━━ Records for the task

(* In the setting of the context, assume $(n_k)$ is a stabilizing subsequence with limit parameters $(\pi_m)$, $(\eta_{m,j})$. Then for each integer $j\ge1$, the distribution under $\nu$ of $f^{(jq_{n_k})}-jh_{n_k+1}$ (which equals $g_{n_k+1}^{(j,S^{q_{n_k}})}$) converges weakly, as a probability on $\mathbb Z$, to $P_j$ as $k\to\infty$.
   Context: Odometer: integers $p_n\ge2$, $q_0=1$, $q_n=p_1\cdots p_n$; $Y=\prod_{n\ge1}\{0,\dots,p_n-1\}$ with product of uniform measures $\nu$; $S$ adds $(1,0,0,\dots)$ with carry to the right. $D^{(n)}_0=\{y:y_1=\dots=y_n=0\}$, $D^{(n)}_i=S^iD^{(n)}_0$ ($0\le i<q_n$), $\mathcal D_n$ the partition into these sets. Morse-type function: $f=1+\sum_{n\ge1}s_n$, integrable, where $s_n:Y\to\{0,1,2,\dots\}$ is $\mathcal D_n$-measurable and (for $n\ge2$) vanishes outside $D^{(n-1)}_{q_{n-1}-1}$; $s_{n,j}$ ($0\le j\le p_n-1$) denotes the value of $s_n$ on $D^{(n)}_{(j+1)q_{n-1}-1}$. $h_1=1$, $h_{n+1}=p_nh_n+\sum_js_{n,j}$. For $g:Y\to\mathbb Z$, $g^{(m)}=g^{(m,S)}=\sum_{i=0}^{m-1}g\circ S^i$, and $g^{(j,S^{q})}=\sum_{i=0}^{j-1}g\circ S^{iq}$. $f_{n+1}=\sum_{m\ge n+1}s_m$, and $g_{n+1}(y)=f_{n+1}(S^iy)$ with $0\le i<q_n$ the unique index such that $S^iy\in D^{(n)}_{q_n-1}$. Stabilizing subsequence: increasing $(n_k)$ with $p_{n_k+m}\to\pi_m$ and $s_{n_k+m,j}\to\eta_{m,j}$ for all $m\in\mathbb Z$, $0\le j\le\pi_m-1$. Limit model: $\overline Y=\prod_{m\ge1}\{0,\dots,\pi_m-1\}$ with product uniform measure $\overline\nu$ and odometer $\overline S$ (add $1$ to first coordinate with carry to the right); $\gamma(\overline y)=\sum_{m=1}^{\overline t(\overline y)}\eta_{m,\overline y_m}$, where $\overline t(\overline y)$ is the smallest $t\ge1$ with $\overline y_t<\pi_t-1$; $P_j$ is the distribution under $\overline\nu$ of $\gamma+\gamma\circ\overline S+\dots+\gamma\circ\overline S^{j-1}$. *)

From Stdlib Require Import Reals ZArith Arith List.
Import ListNotations.
Open Scope R_scope.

━━━━

### Required action
Each line of the records that contains the string "Import" must be copied.

### Solution to the exercise
From Stdlib Require Import Reals ZArith Arith List.
Import ListNotations.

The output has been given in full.